(Saved data entries)
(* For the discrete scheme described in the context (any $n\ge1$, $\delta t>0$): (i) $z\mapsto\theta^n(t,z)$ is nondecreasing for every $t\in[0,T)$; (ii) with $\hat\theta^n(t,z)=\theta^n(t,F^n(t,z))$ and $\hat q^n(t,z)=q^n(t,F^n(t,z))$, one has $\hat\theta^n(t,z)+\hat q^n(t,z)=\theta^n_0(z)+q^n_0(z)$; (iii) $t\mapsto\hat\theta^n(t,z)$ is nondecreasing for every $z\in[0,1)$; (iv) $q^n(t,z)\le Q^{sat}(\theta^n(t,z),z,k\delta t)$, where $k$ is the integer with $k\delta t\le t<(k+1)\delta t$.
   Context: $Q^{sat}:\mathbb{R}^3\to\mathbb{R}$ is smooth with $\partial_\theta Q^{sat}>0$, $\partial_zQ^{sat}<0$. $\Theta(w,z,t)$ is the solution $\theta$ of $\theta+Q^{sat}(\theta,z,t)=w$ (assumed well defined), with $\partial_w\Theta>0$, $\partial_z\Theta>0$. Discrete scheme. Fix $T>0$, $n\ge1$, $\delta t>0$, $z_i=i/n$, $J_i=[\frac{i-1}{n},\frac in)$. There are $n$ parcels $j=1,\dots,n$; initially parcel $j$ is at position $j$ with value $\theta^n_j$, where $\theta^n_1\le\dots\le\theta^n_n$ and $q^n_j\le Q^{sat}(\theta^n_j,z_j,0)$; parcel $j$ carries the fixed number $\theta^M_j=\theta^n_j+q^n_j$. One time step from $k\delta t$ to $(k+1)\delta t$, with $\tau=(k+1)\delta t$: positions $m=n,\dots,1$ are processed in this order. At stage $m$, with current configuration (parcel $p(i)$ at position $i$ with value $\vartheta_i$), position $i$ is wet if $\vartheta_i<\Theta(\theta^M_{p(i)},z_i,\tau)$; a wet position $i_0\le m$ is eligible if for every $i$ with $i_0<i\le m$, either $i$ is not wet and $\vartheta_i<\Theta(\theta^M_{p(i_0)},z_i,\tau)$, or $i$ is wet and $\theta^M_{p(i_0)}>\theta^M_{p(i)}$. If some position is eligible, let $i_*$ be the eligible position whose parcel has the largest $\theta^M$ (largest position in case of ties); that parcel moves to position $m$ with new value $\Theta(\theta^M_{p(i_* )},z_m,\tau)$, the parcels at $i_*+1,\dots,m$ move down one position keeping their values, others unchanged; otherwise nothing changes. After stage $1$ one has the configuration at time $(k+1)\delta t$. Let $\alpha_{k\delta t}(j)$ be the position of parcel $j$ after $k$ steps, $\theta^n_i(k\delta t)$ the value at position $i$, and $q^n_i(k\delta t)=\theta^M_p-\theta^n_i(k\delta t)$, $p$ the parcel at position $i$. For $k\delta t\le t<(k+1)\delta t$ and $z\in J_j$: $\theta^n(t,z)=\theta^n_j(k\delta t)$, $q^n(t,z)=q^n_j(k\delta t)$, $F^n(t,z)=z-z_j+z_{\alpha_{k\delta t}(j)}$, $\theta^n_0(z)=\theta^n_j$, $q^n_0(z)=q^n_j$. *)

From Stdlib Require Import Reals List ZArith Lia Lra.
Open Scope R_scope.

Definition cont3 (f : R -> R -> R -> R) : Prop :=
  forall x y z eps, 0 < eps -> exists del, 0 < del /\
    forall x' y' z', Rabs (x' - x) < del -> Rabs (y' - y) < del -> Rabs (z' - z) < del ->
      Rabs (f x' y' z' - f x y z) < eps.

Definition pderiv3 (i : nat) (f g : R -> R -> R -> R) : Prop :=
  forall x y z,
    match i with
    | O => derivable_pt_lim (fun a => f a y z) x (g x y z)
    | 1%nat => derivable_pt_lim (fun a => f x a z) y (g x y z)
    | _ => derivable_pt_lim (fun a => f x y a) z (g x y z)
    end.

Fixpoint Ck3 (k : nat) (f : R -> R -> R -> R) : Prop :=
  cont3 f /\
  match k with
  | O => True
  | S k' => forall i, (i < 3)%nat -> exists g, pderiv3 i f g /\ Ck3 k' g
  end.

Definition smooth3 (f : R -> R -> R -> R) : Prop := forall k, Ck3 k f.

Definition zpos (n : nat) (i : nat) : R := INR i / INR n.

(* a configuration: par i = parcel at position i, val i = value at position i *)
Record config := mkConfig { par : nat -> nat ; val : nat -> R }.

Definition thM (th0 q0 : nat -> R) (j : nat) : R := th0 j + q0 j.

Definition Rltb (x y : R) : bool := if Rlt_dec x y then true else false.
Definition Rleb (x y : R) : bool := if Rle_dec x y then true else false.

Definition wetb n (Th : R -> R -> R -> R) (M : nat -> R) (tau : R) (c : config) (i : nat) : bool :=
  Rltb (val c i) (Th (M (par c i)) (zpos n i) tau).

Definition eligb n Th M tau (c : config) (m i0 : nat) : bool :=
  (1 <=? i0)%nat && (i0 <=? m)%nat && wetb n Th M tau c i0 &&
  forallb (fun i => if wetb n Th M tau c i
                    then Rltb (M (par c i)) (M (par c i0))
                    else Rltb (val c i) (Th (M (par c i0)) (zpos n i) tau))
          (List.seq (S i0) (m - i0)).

...

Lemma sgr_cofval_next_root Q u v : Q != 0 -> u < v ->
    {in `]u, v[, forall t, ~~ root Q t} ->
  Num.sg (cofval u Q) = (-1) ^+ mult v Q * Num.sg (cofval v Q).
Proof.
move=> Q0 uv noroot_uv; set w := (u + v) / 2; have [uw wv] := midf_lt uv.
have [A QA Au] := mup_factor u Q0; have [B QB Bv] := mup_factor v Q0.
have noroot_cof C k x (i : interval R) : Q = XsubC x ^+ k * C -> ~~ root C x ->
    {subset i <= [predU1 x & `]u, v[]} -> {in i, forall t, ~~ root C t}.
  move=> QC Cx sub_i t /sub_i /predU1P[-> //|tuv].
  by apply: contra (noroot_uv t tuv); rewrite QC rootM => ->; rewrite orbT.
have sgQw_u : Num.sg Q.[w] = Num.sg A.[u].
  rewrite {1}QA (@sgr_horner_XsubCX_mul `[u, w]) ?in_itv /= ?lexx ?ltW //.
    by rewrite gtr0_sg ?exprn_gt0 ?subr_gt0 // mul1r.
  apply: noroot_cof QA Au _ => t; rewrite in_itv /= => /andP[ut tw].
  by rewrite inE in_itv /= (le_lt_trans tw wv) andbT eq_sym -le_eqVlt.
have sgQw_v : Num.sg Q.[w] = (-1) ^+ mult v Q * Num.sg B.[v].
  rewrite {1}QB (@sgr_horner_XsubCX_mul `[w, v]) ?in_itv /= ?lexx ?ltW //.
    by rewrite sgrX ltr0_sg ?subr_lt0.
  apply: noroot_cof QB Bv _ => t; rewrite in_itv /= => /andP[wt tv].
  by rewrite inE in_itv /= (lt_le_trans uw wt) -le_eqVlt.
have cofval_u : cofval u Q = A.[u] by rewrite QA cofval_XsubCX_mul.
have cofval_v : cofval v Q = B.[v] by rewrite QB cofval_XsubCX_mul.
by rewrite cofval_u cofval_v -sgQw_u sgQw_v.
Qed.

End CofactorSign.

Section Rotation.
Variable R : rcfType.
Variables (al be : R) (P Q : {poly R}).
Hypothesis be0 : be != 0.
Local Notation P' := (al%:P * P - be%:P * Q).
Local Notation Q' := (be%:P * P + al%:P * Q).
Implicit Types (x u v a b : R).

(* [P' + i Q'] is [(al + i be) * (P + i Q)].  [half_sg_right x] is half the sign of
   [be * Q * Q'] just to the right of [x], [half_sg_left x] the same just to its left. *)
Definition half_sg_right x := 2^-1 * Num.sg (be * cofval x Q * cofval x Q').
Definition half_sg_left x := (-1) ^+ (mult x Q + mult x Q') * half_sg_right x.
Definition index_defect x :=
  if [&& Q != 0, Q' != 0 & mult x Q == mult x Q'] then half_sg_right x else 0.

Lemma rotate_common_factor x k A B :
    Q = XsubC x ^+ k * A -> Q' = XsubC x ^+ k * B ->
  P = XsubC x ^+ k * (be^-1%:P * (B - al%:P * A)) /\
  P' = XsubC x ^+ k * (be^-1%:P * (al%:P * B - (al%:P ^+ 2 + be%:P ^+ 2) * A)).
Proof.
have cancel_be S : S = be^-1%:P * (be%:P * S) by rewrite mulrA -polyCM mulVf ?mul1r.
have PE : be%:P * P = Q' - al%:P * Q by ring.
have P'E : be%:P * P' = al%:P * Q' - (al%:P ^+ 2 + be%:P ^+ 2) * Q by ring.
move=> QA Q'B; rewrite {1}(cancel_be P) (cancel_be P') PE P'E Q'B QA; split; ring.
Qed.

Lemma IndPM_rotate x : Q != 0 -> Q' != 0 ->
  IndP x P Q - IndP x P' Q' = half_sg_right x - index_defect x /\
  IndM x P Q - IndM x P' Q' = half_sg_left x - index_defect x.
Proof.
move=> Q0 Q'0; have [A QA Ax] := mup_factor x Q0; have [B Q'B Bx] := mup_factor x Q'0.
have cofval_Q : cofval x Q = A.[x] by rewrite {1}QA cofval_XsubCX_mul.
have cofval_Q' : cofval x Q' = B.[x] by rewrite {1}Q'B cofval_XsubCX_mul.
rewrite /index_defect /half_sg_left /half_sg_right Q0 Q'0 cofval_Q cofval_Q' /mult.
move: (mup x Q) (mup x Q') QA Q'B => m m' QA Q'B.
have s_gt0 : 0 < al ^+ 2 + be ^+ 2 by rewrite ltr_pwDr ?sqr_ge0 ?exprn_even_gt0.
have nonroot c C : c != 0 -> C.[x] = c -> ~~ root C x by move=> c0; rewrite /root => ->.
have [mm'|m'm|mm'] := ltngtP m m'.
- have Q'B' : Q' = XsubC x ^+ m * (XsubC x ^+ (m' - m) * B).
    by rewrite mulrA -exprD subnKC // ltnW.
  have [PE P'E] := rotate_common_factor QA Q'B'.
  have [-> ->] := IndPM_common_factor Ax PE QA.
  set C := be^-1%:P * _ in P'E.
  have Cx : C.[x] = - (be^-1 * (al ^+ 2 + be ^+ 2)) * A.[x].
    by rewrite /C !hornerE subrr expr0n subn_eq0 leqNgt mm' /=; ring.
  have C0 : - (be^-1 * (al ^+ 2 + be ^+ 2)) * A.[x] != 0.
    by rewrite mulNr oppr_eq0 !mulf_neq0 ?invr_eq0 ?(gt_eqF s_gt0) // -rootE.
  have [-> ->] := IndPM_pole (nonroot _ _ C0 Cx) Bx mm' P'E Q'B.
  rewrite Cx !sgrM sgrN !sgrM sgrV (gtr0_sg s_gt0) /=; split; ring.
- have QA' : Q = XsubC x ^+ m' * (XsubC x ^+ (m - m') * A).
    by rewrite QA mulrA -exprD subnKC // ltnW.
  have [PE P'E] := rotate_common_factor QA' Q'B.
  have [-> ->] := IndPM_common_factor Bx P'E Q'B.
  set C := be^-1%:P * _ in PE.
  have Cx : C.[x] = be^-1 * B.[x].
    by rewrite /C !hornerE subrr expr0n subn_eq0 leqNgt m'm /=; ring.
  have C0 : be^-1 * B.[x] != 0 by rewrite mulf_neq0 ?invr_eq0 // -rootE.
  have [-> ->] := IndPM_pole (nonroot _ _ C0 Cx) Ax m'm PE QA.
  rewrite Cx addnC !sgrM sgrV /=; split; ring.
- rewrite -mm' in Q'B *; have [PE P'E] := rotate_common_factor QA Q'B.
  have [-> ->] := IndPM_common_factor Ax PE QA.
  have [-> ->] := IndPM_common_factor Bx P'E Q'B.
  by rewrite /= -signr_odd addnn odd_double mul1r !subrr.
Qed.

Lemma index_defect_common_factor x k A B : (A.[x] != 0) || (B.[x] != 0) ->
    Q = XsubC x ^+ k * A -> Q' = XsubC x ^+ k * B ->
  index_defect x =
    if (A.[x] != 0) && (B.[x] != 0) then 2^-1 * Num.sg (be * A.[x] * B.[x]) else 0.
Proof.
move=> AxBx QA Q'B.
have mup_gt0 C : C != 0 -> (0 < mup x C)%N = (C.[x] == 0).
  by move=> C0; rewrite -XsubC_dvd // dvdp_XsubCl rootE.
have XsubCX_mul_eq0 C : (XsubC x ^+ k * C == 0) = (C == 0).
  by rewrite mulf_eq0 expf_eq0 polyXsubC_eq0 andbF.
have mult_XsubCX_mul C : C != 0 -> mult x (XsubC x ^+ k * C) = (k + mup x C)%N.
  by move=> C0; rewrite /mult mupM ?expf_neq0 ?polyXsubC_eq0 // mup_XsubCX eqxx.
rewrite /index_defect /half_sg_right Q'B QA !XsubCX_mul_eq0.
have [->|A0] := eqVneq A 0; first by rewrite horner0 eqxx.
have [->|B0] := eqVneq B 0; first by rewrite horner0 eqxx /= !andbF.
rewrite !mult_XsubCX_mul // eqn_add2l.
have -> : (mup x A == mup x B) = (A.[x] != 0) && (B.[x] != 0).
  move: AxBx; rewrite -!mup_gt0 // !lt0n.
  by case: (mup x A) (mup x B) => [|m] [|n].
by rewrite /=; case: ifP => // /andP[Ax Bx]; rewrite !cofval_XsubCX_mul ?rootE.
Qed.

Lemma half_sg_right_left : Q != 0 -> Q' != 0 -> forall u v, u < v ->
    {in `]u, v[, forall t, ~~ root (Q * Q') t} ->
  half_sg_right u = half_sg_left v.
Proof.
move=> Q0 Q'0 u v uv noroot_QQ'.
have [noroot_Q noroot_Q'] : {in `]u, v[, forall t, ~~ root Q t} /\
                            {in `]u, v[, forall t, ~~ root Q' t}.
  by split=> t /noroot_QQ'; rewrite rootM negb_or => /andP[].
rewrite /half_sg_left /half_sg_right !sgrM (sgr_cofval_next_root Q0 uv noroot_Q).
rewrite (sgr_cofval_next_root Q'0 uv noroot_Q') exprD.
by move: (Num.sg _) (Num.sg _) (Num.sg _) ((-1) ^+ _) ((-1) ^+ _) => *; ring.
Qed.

* * *

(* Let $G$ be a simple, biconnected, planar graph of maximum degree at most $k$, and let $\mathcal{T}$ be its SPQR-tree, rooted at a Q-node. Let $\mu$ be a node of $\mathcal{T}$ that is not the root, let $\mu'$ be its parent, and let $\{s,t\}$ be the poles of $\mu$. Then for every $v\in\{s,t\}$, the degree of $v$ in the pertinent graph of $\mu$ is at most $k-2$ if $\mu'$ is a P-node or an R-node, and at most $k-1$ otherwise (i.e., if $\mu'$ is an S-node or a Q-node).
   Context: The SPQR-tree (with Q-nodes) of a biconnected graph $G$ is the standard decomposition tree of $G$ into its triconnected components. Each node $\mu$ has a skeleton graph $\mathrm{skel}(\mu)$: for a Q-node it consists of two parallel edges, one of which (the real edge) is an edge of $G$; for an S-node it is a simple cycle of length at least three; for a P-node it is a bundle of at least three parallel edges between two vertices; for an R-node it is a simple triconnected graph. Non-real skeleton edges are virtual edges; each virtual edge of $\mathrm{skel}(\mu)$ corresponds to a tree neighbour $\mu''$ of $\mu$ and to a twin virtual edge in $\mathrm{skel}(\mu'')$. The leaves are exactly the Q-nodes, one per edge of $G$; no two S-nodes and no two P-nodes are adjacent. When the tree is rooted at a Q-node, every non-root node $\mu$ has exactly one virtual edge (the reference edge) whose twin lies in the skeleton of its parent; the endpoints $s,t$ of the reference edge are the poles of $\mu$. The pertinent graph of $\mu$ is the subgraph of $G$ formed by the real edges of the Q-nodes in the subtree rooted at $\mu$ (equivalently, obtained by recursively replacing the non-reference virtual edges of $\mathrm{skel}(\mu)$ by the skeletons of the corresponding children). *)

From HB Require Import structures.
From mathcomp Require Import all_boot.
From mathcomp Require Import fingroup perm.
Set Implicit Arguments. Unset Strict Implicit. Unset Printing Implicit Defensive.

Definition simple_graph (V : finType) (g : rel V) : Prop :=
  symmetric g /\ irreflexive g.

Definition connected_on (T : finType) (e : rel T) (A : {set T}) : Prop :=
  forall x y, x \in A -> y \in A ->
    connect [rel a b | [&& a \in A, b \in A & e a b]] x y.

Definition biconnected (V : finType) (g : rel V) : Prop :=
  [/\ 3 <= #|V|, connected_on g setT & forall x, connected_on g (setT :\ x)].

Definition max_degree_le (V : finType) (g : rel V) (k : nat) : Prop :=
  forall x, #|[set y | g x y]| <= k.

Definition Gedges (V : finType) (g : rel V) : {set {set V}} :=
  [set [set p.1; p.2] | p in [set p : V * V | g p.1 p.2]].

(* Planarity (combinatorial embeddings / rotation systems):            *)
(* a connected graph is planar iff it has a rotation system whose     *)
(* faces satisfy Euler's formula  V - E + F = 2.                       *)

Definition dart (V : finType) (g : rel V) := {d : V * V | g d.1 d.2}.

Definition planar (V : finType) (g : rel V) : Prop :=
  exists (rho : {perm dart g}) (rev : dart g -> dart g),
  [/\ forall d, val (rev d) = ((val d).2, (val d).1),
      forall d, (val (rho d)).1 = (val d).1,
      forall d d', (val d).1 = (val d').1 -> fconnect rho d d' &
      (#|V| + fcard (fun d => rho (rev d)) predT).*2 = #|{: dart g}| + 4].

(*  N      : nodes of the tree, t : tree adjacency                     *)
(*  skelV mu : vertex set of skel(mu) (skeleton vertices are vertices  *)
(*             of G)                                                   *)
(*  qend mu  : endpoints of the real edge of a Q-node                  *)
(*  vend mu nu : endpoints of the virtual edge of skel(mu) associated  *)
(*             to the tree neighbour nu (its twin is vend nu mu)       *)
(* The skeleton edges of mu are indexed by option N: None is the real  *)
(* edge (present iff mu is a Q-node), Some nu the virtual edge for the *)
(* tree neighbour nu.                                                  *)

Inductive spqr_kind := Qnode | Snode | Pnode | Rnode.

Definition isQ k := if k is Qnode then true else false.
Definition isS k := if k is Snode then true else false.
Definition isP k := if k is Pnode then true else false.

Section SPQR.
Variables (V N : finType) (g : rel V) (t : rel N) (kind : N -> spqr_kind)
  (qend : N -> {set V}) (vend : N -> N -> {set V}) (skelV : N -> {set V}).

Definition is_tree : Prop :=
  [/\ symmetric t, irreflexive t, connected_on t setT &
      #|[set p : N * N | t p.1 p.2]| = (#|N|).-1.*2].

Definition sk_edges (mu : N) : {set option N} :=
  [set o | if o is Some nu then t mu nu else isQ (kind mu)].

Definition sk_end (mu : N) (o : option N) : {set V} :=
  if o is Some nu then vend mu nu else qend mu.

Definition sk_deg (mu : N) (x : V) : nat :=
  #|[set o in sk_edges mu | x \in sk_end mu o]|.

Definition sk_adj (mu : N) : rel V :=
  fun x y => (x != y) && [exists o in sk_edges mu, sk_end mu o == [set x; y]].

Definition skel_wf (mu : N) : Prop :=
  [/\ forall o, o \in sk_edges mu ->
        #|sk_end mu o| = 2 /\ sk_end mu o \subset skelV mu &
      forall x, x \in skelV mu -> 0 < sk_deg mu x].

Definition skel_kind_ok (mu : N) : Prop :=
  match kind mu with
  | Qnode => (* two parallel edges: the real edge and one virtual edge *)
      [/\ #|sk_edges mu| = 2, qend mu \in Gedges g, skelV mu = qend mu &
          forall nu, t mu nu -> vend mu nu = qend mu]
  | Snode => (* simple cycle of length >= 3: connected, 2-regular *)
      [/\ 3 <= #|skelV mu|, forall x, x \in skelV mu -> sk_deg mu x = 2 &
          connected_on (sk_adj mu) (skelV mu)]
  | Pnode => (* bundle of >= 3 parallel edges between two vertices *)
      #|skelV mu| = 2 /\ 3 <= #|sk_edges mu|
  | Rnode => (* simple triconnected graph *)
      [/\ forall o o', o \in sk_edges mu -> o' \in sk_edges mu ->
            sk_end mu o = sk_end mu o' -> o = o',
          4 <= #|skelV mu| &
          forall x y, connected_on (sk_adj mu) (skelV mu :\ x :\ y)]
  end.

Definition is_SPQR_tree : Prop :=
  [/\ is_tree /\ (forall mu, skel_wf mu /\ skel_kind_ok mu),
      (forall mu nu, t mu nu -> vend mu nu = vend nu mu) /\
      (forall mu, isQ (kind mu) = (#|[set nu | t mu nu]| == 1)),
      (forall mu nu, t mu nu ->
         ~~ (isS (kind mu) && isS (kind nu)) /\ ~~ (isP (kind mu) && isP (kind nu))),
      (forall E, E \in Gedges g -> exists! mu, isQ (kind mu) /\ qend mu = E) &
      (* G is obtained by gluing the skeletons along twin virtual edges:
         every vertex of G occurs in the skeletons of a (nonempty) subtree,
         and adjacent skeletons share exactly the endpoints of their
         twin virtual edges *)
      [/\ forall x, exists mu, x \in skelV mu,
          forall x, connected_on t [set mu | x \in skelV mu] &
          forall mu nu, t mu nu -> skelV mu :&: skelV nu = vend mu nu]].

What you should do:
Looking at the entries above, count the lines that contain the string "List", then give the number and nothing else.

Output of the task:
2